None of this cultural crossover would be as apparent were it not for Rae’s 13 years of meticulous work, another kind of blending. Trudell has lush production values and a translucent depth of image—helicopter shots in 16 mm combine with archival video footage (“John gave me a box of old VHS tapes”) to create what Rae hopes is “a tapestry of different material.” “This was really only possible because of the newer post-production technology; I used Final Cut Pro on an Apple Mac,” the former director of the Native American Program for the Sundance Institute admits. But it’s not technology that gives her such perfect control of the narrative, revealing information precisely at the moment when you are subconsciously aching to know what happened next; it’s hours spent behind a camera, learning storytelling from the ground up, and her years working in various capacities on more than a dozen documentary films.

There’s yet another facet to John Trudell’s complex identity: that of actor. In 1992, Redford interviewed him for Incident at Oglala, revealing Trudell’s instinctive camera presence; since then he’s appeared in Thunderheart, Smoke Signals and half a dozen other films, including Randy Redroads’ forthcoming The Space between All Things. Produced by Rae and starring Trudell, Evan Adams and Tantoo Cardinal, among others, The Space Between All Things is slated to begin shooting in 2006—perhaps even in New Mexico. And Trudell continues to be a powerful rhetorician with a gift for the soundbite (“civilization is not good for us”; “Indians are Jesus hanging from the cross”)—a mastery Santa Feans have the opportunity to hear for themselves, as Trudell and Rae will be present at both screenings of Trudell, the first of which is Friday, Aug. 19, kicking off CCA’s weekend-long Native Cinema Showcase. “We’re exhibiting this film under a different paradigm,” Rae notes. “Typically a film opens in LA or NYC and subsequently moves inwards, but in this case we’re releasing in Santa Fe, the heart of Indian country, and moving outward, a nontraditional approach that feels right for this film. The film rights are also shared

collaboratively between different distributors and exhibitioners—to my mind, it’s sovereign filmmaking.”

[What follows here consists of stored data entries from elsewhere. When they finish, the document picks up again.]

Lemma derivable_pt_lim_Rint_param : D (fun s => Rint (k s) a b) t (Rint (dk t) a b).
Proof.
  intros eps heps.
  assert (hM : 0 <= M) by (pose proof (k_Taylor 1 a (conj (Rle_refl a) hab));
    pose proof (Rabs_pos (k (t + 1) a - k t a - 1 * dk t a)); lra).
  assert (hC : 0 < M * (b - a) + 1) by nra.
  assert (hd : 0 < eps / (M * (b - a) + 1)) by (apply Rdiv_lt_0_compat; lra).
  exists (mkposreal _ hd). intros h hh hlt. simpl in hlt.
  pose proof (Rint_param_Taylor h) as bound.
  replace ((Rint (k (t + h)) a b - Rint (k t) a b) / h - Rint (dk t) a b)
    with ((Rint (k (t + h)) a b - Rint (k t) a b - h * Rint (dk t) a b) / h) by (field; auto).
  unfold Rdiv. rewrite Rabs_mult, Rabs_inv.
  pose proof (Rabs_pos_lt h hh).
  apply (Rmult_lt_reg_r (Rabs h)); auto. rewrite Rmult_assoc, Rinv_l, Rmult_1_r by lra.
  replace (h ^ 2) with (Rabs h * Rabs h) in bound by (rewrite <- Rabs_mult, Rabs_right; nra).
  apply (Rmult_lt_compat_r (M * (b - a) + 1)) in hlt; auto.
  unfold Rdiv in hlt. rewrite Rmult_assoc, Rinv_l, Rmult_1_r in hlt by lra. nra.
Qed.

End ParametricIntegral.

Lemma PI_gt_3 : 3 < PI.
Proof. pose proof PI2_3_2. lra. Qed.

Definition feynman_kernel (t x : R) : R :=
  exp (- (PI * (1 + x ^ 2)) * t ^ 2) / (PI * (1 + x ^ 2)).
Definition feynman (t : R) : R := Rint (feynman_kernel t) 0 1.

Lemma feynman_denom_pos x : 0 < PI * (1 + x ^ 2).
Proof. pose proof PI_RGT_0; pose proof (pow2_ge_0 x). nra. Qed.

Lemma continuity_feynman_kernel t : continuity (feynman_kernel t).
Proof.
  unfold feynman_kernel. continuity_solve. pose proof (feynman_denom_pos x). lra.
Qed.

When asked about her subject and what makes him unique among artists and activists, Rae goes quiet for a moment, then speaks carefully, her voice soft with respect. “They don’t make human beings like John anymore. In an earlier cut of the film, Gary Farmer and Dino Butler both talk about how there used to be ones who did a variety of things, whether they were dreamers or medicine people, people who were pipe carriers and thinkers—those who were truth keepers. More than anything else, I think John is a truth keeper.” He may be, she says, putting his focus on “evolution rather than revolution” now; but John Trudell continues to follow his lines wherever they lead, no matter what the personal cost or gain may be.